When a person or company commences trading in abroad locations, the main concern is commercial transactions. It pertains government regulations, extra expenditures, the role of middlemen, and too much consciousness about the entire tracking. Due to competitive rates of OTI Bonds NY, it has become little easy to obtain this type of surety documents that aims at consolidating the financial responsibilities of Otis in the eyes of FMC. The OTI-NOVCC license is really common and is highly recommended by the importing giants.
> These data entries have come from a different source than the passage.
Lemma fan_lower_U_before x : x < r -> quiddity T p q r s (U x) = quiddity T p q r s2 (U x).
Proof.
  intros Hx. rewrite !quiddity_U, (zrange_app s2 (s - 1) q), countb_app by lia.
  replace (s - 1 + 1) with s by lia.
  rewrite (countb_none _ (zrange s2 (s - 1))).
  2:{ intros y Hy. apply In_zrange in Hy. apply conn_diag_absent.
      destruct (T (Conn x y)) eqn:E; auto. crossing_absurd NC (Conn x y) (Conn r s). }
  rewrite (countb_ext (conn_diag T p q r s x) (conn_diag T p q r s2 x)); [lia|].
  intros y _. apply conn_diag_same_edges; auto.
  rewrite !(eqb_neq_false x r) by lia. auto.
Qed.

Lemma fan_lower_L_after y : s < y -> quiddity T p q r s (L y) = quiddity T p q r s2 (L y).
Proof.
  intros Hy. rewrite !quiddity_L, (zrange_app s2 (s - 1) q), countb_app by lia.
  replace (s - 1 + 1) with s by lia.
  rewrite (countb_none _ (zrange s2 (s - 1))).
  2:{ intros u Hu. apply In_zrange in Hu. apply linked_none; intros; [lia|].
      unfold lower_arcs. destruct (T (Low u y)) eqn:E; auto.
      crossing_absurd NC (Low u y) (Conn r s). }
  rewrite (countb_ext (fun x => conn_diag T p q r s x y) (fun x => conn_diag T p q r s2 x y)); [lia|].
  intros x _. apply conn_diag_same_edges; auto.
  rewrite (eqb_neq_false y s), (eqb_neq_false y s2) by lia. rewrite !andb_false_r. auto.
Qed.

Lemma conn_diag_old_edge_lower : conn_diag T p q r s2 r s = true.
Proof.
  unfold conn_diag. rewrite Hrs, (eqb_neq_false r p), (eqb_neq_false s s2) by lia.
  rewrite !andb_false_r. auto.
Qed.

Lemma fan_lower_U_pivot : quiddity T p q r s2 (U r) = quiddity T p q r s (U r) + 1.
Proof.
  rewrite !quiddity_U, (zrange_app s2 (s - 1) q), countb_app by lia.
  replace (s - 1 + 1) with s by lia.
  rewrite (countb_none _ (zrange s2 (s - 1))).
  2:{ intros y Hy. apply In_zrange in Hy. destruct (Z.eq_dec y s2) as [->|].
      - apply conn_diag_edge.
      - apply conn_diag_absent, no_conn_between. lia. }
  rewrite (zrange_cons s q), !countb_cons, conn_diag_edge, conn_diag_old_edge_lower by lia.
  rewrite (countb_ext (conn_diag T p q r s r) (conn_diag T p q r s2 r) (zrange (s + 1) q)); [lia|].
  intros y Hy. apply In_zrange in Hy. apply conn_diag_same_edges; auto.
  rewrite (eqb_neq_false y s), (eqb_neq_false y s2) by lia. rewrite !andb_false_r. auto.
Qed.

Lemma fan_lower_L_pivot :
  quiddity T p q r s2 (L s) = quiddity T p q r s (L s) + 1 + deg_in (lower_arcs T) s2 s s.
Proof.
  rewrite !quiddity_L. unfold deg_in.
  rewrite (zrange_app s2 (s - 1) q), (zrange_snoc s2 s), (zrange_snoc p r), !countb_app by lia.
  replace (s - 1 + 1) with s by lia.
  rewrite (countb_ext (fun x => conn_diag T p q r s x s) (fun x => conn_diag T p q r s2 x s)
             (zrange p (r - 1))).
  2:{ intros x Hx. apply In_zrange in Hx. apply conn_diag_same_edges; auto.
      rewrite (eqb_neq_false x r) by lia. auto. }
  rewrite !countb_cons, conn_diag_edge, conn_diag_old_edge_lower, (linked_near _ s s), !countb_nil
    by lia.
  lia.
Qed.
(* Define the formal power series $z_1(g,\mathfrak{g})=\sum_{T} g^{e(T)}\,\mathfrak{g}^{m(T)}$, where the sum runs over all rooted plane trees $T$ (including the single-vertex tree) each of whose edges carries a mark from $\{+,0,-\}$, $e(T)$ is the number of edges, and $m(T)$ is the number of non-root vertices that are local maxima of the induced vertex labeling. Then $z_1$ is the unique formal power series in $g$ (with coefficients polynomial in $\mathfrak{g}$) with constant term $1$ satisfying $$3g^2 z_1^4-4g z_1^3+\big(1+2g(1-2\mathfrak{g})\big)z_1^2-1=0.$$ In particular $z_1=\frac{1-\sqrt{1-12g}}{6g}$ for $\mathfrak{g}=1$ and $z_1=\frac{1-\sqrt{1-4g}}{2g}$ for $\mathfrak{g}=0$.
   Context: A rooted plane tree is a finite tree embedded in the plane with a distinguished root vertex (and root corner); edges are oriented away from the root. Given marks in $\{+,0,-\}$ on the edges, the induced vertex labeling assigns label $0$ to the root and increases the label by $+1$, $0$, $-1$ respectively along an edge marked $+$, $0$, $-$ in the direction away from the root. A vertex is a local maximum if its label is greater than or equal to the labels of all its neighbours in the tree. (Via the Cori–Vauquelin–Schaeffer bijection these trees encode rooted pointed quadrangulations with $e(T)$ faces, and the non-root local maxima of the tree correspond to local maxima of the distance labeling.) *)

From Stdlib Require List.
From HB Require Import structures.
From mathcomp Require Import all_boot all_order all_algebra.
Set Implicit Arguments. Unset Strict Implicit. Unset Printing Implicit Defensive.
Import Order.TTheory GRing.Theory Num.Theory.
Local Open Scope ring_scope.

Inductive mark := MPlus | MZero | MMinus.

Definition mark_delta (m : mark) : int :=
  match m with MPlus => 1 | MZero => 0 | MMinus => -1 end.

(* A rooted plane tree with marked edges: a vertex is given by the ordered
   list of its children, each child carrying the mark of the edge
   from the vertex (towards the root side) to that child. *)
Inductive mtree := MNode : seq (mark * mtree) -> mtree.

Fixpoint edges (t : mtree) : nat :=
  let: MNode cs := t in
  (fix go (cs : seq (mark * mtree)) : nat :=
     match cs with
     | [::] => 0%N
     | (_, c) :: cs' => (1 + edges c + go cs')%N
     end) cs.

(* Number of vertices of the subtree rooted at t that are local maxima of
   the labeling, where t has label l and its parent has label lp. *)
Fixpoint lmax_sub (t : mtree) (lp l : int) {struct t} : nat :=
  let: MNode cs := t in
  addn (nat_of_bool ((lp <= l) && all (fun c => l + mark_delta c.1 <= l) cs))
   ((fix go (cs : seq (mark * mtree)) : nat :=
        match cs with
        | [::] => 0%N
        | (mk, c) :: cs' => (lmax_sub c l (l + mark_delta mk) + go cs')%N
        end) cs).

Definition locmax (t : mtree) : nat :=
  let: MNode cs := t in
  sumn [seq lmax_sub c.2 0 (mark_delta c.1) | c <- cs].

(* Formal power series in g with coefficients in Z[frak g] (frak g = 'X):
   a series is its coefficient sequence. *)
Definition series := nat -> {poly int}.

Definition sconst (p : {poly int}) : series :=
  fun n => if n is 0%N then p else 0.
Definition sg : series := fun n => if n == 1%N then 1 else 0.
Definition sadd (a b : series) : series := fun n => a n + b n.
Definition ssub (a b : series) : series := fun n => a n - b n.
Definition smul (a b : series) : series :=
  fun n => \sum_(i < n.+1) a i * b (n - i)%N.
Definition spow (a : series) (k : nat) : series := iter k (smul a) (sconst 1).

Definition z1_equation (z : series) : Prop :=
  forall n,
    ssub (sadd (ssub (smul (sconst 3) (smul (spow sg 2) (spow z 4)))
                     (smul (sconst 4) (smul sg (spow z 3))))
               (smul (sadd (sconst 1)
                           (smul (sconst 2) (smul sg (sconst (1 - 2 *: 'X)))))
                     (spow z 2)))
         (sconst 1) n = 0.

(* c is the coefficient sequence of z1 = sum_T g^e(T) frakg^m(T):
   for every n, the set of marked trees with n edges is enumerated without
   repetition by some list s, and c n = sum_{T in s} frakg^m(T). *)
Definition is_z1 (c : series) : Prop :=
  forall n : nat, exists s : seq mtree,
    List.NoDup s /\ (forall T, List.In T s <-> edges T = n) /\
    c n = \sum_(T <- s) 'X^(locmax T).

Definition catalan (n : nat) : nat := ('C(n.*2, n) %/ n.+1)%N.

From HB Require Import structures.
From mathcomp Require Import all_boot all_order all_algebra.
From mathcomp Require Import zify ring.
From Stdlib Require Import FunctionalExtensionality.
Import Order.TTheory GRing.Theory Num.Theory.
Local Open Scope ring_scope.
Set Implicit Arguments. Unset Strict Implicit.

(* Removing the first subtree of the root gives a system for three series:
   [B = z_1], the series [A] that also counts the root when it is a local
   maximum, and the series [D] of trees without a [+] edge at the root:
   [B = 1 + g (2A + B) B], [D = 1 + g (A + B) D] and [A = B + (frak g - 1) D].
   Eliminating [A] and [D] gives the quartic.  Two solutions [P], [Q] with
   constant term 1 satisfy [(P - Q) (g S + P + Q) = 0] for some series [S],
   and [g S + P + Q] has constant term 2, so the solution is unique.  At [frak g = 0] and
   [frak g = 1] the quartic has the factor [z - 1 - k g z^2] with [k = 1], [3];
   differentiating [W = g + k W^2] for [W = g z] yields the recurrence
   [(n + 2) z_(n+1) = k (4n + 2) z_n] of [k^n] times the Catalan numbers. *)

(** * Marked trees and their local maxima *)

Definition mark_eqb (m m' : mark) : bool :=
  match m, m' with
  | MPlus, MPlus | MZero, MZero | MMinus, MMinus => true
  | _, _ => false
  end.

Lemma mark_eqP : Equality.axiom mark_eqb.
Proof. by case; case; constructor. Qed.

HB.instance Definition _ := hasDecEq.Build mark mark_eqP.

Definition forest := seq (mark * mtree).

Fixpoint mtree_forest_rect (P : mtree -> Type) (Q : forest -> Type)
    (Qnil : Q [::]) (Qcons : forall m t f, P t -> Q f -> Q ((m, t) :: f))
    (PNode : forall f, Q f -> P (MNode f)) (t : mtree) : P t :=
  let: MNode f := t in
  PNode f ((fix go (f : forest) : Q f :=
    if f is (m, t') :: f' then Qcons m t' f' (mtree_forest_rect Qnil Qcons PNode t') (go f')
    else Qnil) f).

Fixpoint mtree_eqb (t u : mtree) : bool :=
  let: (MNode f, MNode g) := (t, u) in
  (fix go (f g : forest) : bool :=
     match f, g with
     | [::], [::] => true
     | (m, t') :: f', (m', u') :: g' => (m == m') && mtree_eqb t' u' && go f' g'
     | _, _ => false
     end) f g.

Lemma mtree_eqP : Equality.axiom mtree_eqb.
Proof.
apply: (@mtree_forest_rect (fun t => forall u, reflect (t = u) (mtree_eqb t u))
  (fun f => forall g, reflect (f = g) (mtree_eqb (MNode f) (MNode g)))).
- by case=> [|[m u] g]; constructor.
- move=> m t f IHt IHf [|[m' u] g]; first by constructor.
  rewrite [mtree_eqb _ _]/= -[_ f g]/(mtree_eqb (MNode f) (MNode g)).
  case: eqP => [<-|]; last by move=> ne; constructor; case.
  case: IHt => [<-|]; last by move=> ne; constructor; case.
  by case: IHf => [<-|ne]; constructor => //; case.
- by move=> f IHf [g]; case: IHf => [->|ne]; constructor => //; case.
Qed.

HB.instance Definition _ := hasDecEq.Build mtree mtree_eqP.

Definition noplus (f : forest) := all (fun c => c.1 != MPlus) f.

Lemma noplus_cons m t f : noplus ((m, t) :: f) = (m != MPlus) && noplus f.
Proof. by []. Qed.

(* [nlmax b t] counts the local maxima of [t] below a parent whose label is at
   most the root label of [t] if [b] holds, and larger otherwise. *)
Fixpoint nlmax (b : bool) (t : mtree) : nat :=
  let: MNode f := t in
  ((b && noplus f) +
   (fix go (f : forest) : nat :=
      if f is (m, t') :: f' then (nlmax (m != MMinus) t' + go f')%N else 0%N) f)%N.

Lemma nlmax_cons m t f :
  nlmax false (MNode ((m, t) :: f)) = (nlmax (m != MMinus) t + nlmax false (MNode f))%N.
Proof. by []. Qed.

Lemma nlmax_true f :
  nlmax true (MNode f) = (noplus f + nlmax false (MNode f))%N.
Proof. by []. Qed.

Lemma lmax_subE t lp l : lmax_sub t lp l = nlmax (lp <= l) t.
Proof.
have le_delta (k : int) m : (k + mark_delta m <= k) = (m != MPlus) by case: m => /=; lia.
have ge_delta (k : int) m : (k <= k + mark_delta m) = (m != MMinus) by case: m => /=; lia.
move: t lp l; apply: (@mtree_forest_rect (fun t => forall lp l, lmax_sub t lp l = nlmax (lp <= l) t)
  (fun f => forall l,
    (fix go (cs : forest) : nat :=
       if cs is (mk, c) :: cs' then (lmax_sub c l (l + mark_delta mk) + go cs')%N else 0%N) f
      = nlmax false (MNode f)
    /\ all (fun c => l + mark_delta c.1 <= l) f = noplus f)).
- by [].
- move=> m t f IHt IHf l; have [go_f all_f] := IHf l.
  by rewrite /= IHt ge_delta le_delta all_f go_f.
- by move=> f IHf lp l; have [go_f all_f] := IHf l; rewrite /= go_f all_f.
Qed.

Lemma locmaxE t : locmax t = nlmax false t.
Proof.
case: t => f; rewrite /locmax; elim: f => [|[m t] f IH] //=.
by rewrite IH lmax_subE add0n; case: m.
Qed.

(** * Enumeration of forests by number of edges *)

Definition all_marks := [:: MPlus; MZero; MMinus].

Lemma mem_all_marks m : m \in all_marks.
Proof. by case: m. Qed.

Definition fedges (f : forest) := edges (MNode f).

Lemma fedges_cons m t f : fedges ((m, MNode t) :: f) = (fedges t + fedges f).+1.
Proof. by rewrite /fedges /= add1n. Qed.

Lemma fedges_eq0 f : (fedges f == 0%N) = (f == [::]).
Proof. by case: f => [|[m [t]] f] //; rewrite fedges_cons. Qed.

(* The forests with [n] edges, correct as soon as [n <= fuel]. *)
Fixpoint enum_forests (fuel n : nat) : seq forest :=
  if (fuel, n) is (fuel'.+1, n'.+1) then
    flatten [seq flatten [seq flatten [seq [seq (m, MNode t) :: f
      | f <- enum_forests fuel' (n' - k)] | t <- enum_forests fuel' k] | m <- all_marks]
      | k <- iota 0 n'.+1]
  else if n is 0 then [:: [::]] else [::].

Lemma enum_forestsS fuel n : enum_forests fuel.+1 n.+1 =
  flatten [seq flatten [seq flatten [seq [seq (m, MNode t) :: f
    | f <- enum_forests fuel (n - k)] | t <- enum_forests fuel k] | m <- all_marks]
    | k <- iota 0 n.+1].
Proof. by []. Qed.

Lemma mem_enum_forests fuel n f :
  (n <= fuel)%N -> (f \in enum_forests fuel n) = (fedges f == n).
Proof.
elim: fuel n f => [|fuel IH] [|n] f // le_n_fuel; rewrite ?inE -?fedges_eq0 //.
rewrite enum_forestsS; apply/idP/idP.
- case/flatten_mapP=> k; rewrite mem_iota ltnS => /andP[_ le_kn].
  case/flatten_mapP=> m _ /flatten_mapP[t] + /mapP[f' + ->].
  rewrite !IH ?(leq_trans (leq_subr _ _)) ?(leq_trans le_kn) // => /eqP def_k /eqP def_f'.
  by rewrite fedges_cons def_f' def_k subnKC.
- case: f => [|[m [t]] f] //; rewrite fedges_cons eqSS => /eqP def_n.
  have le_tn : (fedges t <= n)%N by rewrite -def_n leq_addr.
  apply/flatten_mapP; exists (fedges t); first by rewrite mem_iota ltnS.
  apply/flatten_mapP; exists m; first exact: mem_all_marks.
  apply/flatten_mapP; exists t; first by rewrite IH ?eqxx ?(leq_trans le_tn).
  apply/mapP; exists f => //.
  have le_fn : (fedges f <= n)%N by rewrite -def_n leq_addl.
  by rewrite IH -def_n addKn // (leq_trans le_fn).
Qed.
(* For every formula $\varphi$ of $\mathcal L^{\bigcirc}_\square$: $\varphi$ is derivable in $\mathbf{wK4C}$ if and only if $\varphi$ is valid on every finite dynamic $\mathbf{wK4}$ frame.
   Context: Fix a non-empty set $\mathsf{PV}$ of propositional variables. The language $\mathcal L^{\bigcirc}_\square$ is given by $\varphi::= p\mid \varphi\wedge\varphi\mid\neg\varphi\mid\square\varphi\mid\bigcirc\varphi$ with $p\in\mathsf{PV}$; $\lozenge:=\neg\square\neg$, and $\vee,\to,\leftrightarrow,\top,\bot$ are defined as usual. Axioms and rules: Taut (all propositional tautologies); K: $\square(\varphi\to\psi)\to(\square\varphi\to\square\psi)$; w4: $\varphi\wedge\square\varphi\to\square\square\varphi$; ${\rm Next}_\neg$: $\neg\bigcirc\varphi\leftrightarrow\bigcirc\neg\varphi$; ${\rm Next}_\wedge$: $\bigcirc(\varphi\wedge\psi)\leftrightarrow\bigcirc\varphi\wedge\bigcirc\psi$; C: $\bigcirc\varphi\wedge\bigcirc\square\varphi\to\square\bigcirc\varphi$; rules modus ponens, ${\rm Nec}_\square$ (from $\varphi$ infer $\square\varphi$) and ${\rm Nec}_\bigcirc$ (from $\varphi$ infer $\bigcirc\varphi$). $\mathbf{K}$ is the logic given by Taut, K, MP, ${\rm Nec}_\square$; $\mathbf{wK4}:=\mathbf K+{\rm w4}$; $\mathbf{wK4C}:=\mathbf{wK4}+{\rm Next}_\neg+{\rm Next}_\wedge+{\rm Nec}_\bigcirc+{\rm C}$ (closed under all the rules). A dynamic Kripke frame is a triple $\langle W,\sqsubset,f\rangle$ with $W$ a non-empty set, $\sqsubset$ a binary relation on $W$ and $f\colon W\to W$ a function which is weakly monotone: for all $w,v\in W$, $w\sqsubset v$ implies $f(w)=f(v)$ or $f(w)\sqsubset f(v)$. It is a dynamic $\mathbf{wK4}$ frame if $\sqsubset$ is weakly transitive: $w\sqsubset v\sqsubset u$ and $w\neq u$ imply $w\sqsubset u$. A valuation is a map $\nu\colon\mathsf{PV}\to\wp(W)$; truth is defined by $w\models p$ iff $w\in\nu(p)$, Boolean clauses as usual, $w\models\square\varphi$ iff $v\models\varphi$ for all $v$ with $w\sqsubset v$, and $w\models\bigcirc\varphi$ iff $f(w)\models\varphi$. A formula is valid on a frame if it is true at every point under every valuation. *)

From Stdlib Require Import List.

Set Implicit Arguments.

Section Syntax.
Variable PV : Type.

Inductive form : Type :=
| Var : PV -> form
| And : form -> form -> form
| Neg : form -> form
| Box : form -> form
| Next : form -> form.

Definition Imp (a b : form) : form := Neg (And a (Neg b)).
Definition Or (a b : form) : form := Neg (And (Neg a) (Neg b)).
Definition Iff (a b : form) : form := And (Imp a b) (Imp b a).
Definition Dia (a : form) : form := Neg (Box (Neg a)).

(* Propositional tautologies of the modal language: formulas true under every
   Boolean assignment to the propositionally atomic subformulas
   (variables, □ψ and ○ψ), with ∧ and ¬ evaluated truth-functionally. *)
Fixpoint beval (g : form -> bool) (a : form) : bool :=
  match a with
  | And b c => andb (beval g b) (beval g c)
  | Neg b => negb (beval g b)
  | _ => g a
  end.

Definition is_taut (a : form) : Prop := forall g : form -> bool, beval g a = true.

Inductive wK4C : form -> Prop :=
| ax_taut : forall a, is_taut a -> wK4C a
| ax_K : forall a b, wK4C (Imp (Box (Imp a b)) (Imp (Box a) (Box b)))
| ax_w4 : forall a, wK4C (Imp (And a (Box a)) (Box (Box a)))
| ax_next_neg : forall a, wK4C (Iff (Neg (Next a)) (Next (Neg a)))
| ax_next_and : forall a b, wK4C (Iff (Next (And a b)) (And (Next a) (Next b)))
| ax_C : forall a, wK4C (Imp (And (Next a) (Next (Box a))) (Box (Next a)))
| r_mp : forall a b, wK4C (Imp a b) -> wK4C a -> wK4C b
| r_nec_box : forall a, wK4C a -> wK4C (Box a)
| r_nec_next : forall a, wK4C a -> wK4C (Next a).

Fixpoint sat (W : Type) (R : W -> W -> Prop) (f : W -> W) (nu : PV -> W -> Prop)
  (w : W) (a : form) : Prop :=
  match a with
  | Var p => nu p w
  | And b c => sat R f nu w b /\ sat R f nu w c
  | Neg b => ~ sat R f nu w b
  | Box b => forall v, R w v -> sat R f nu v b
  | Next b => sat R f nu (f w) b
  end.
Due to meticulous examination of Bureau of Certification and Licensing (BCL), the agency responsible to determine whether a particular individual or firm is eligible to hold OTI Bonds CA or not, it becomes quite difficult to get it timely. There are a different set of rules for FMC-48 and FMC-69 to be filed by the FMC and price range also varies. It ranges between $50,000 and $150,000. NOVCCs that are neither licensed nor belong to the USA, they need to acquire expensive surety bond of $150,000 amounts. To approve the application and qualify for a bond, it is important to have at least three-year experience as a skilled OTI or sole proprietor.
The people who don’t know much about customs bond, it simply involved three parties in order to obtain it legitimately. When the industrial value of the importing cargo exceeds $25,000 it becomes necessary to obtain one of the bonds described in the second paragraph of this article. The three parties are principal, obligee, and a surety (insurance company/broker). It is easy and affordable to apply for customs bond and OTI bonds CA through a customs broker or insurance agency.Import and export through ocean vessels have highly regulated by the federal government of the United States. The process of goods transportation from other countries to the US is too much assorted and this is only to make the process safe and authentic. International Freight Forwarders (IFFs) and Non-Vessel-Operating Common Carrier (NVOCC) is asked to become licensed Ocean Transportation Intermediary (OTI) by the Federal Maritime Commission (FMC) under the Shipping Act.
There are two types of bonds that are prevalent to make the shipping reliable. Single transaction bonds are for the one-time transaction of goods through ocean vessel in a calendar year and Continuous import bond is for multiple time transactions in a year.
Both the terms Oti Bonds and Customs Bonds CA are either related to ocean freight forwarders or importers.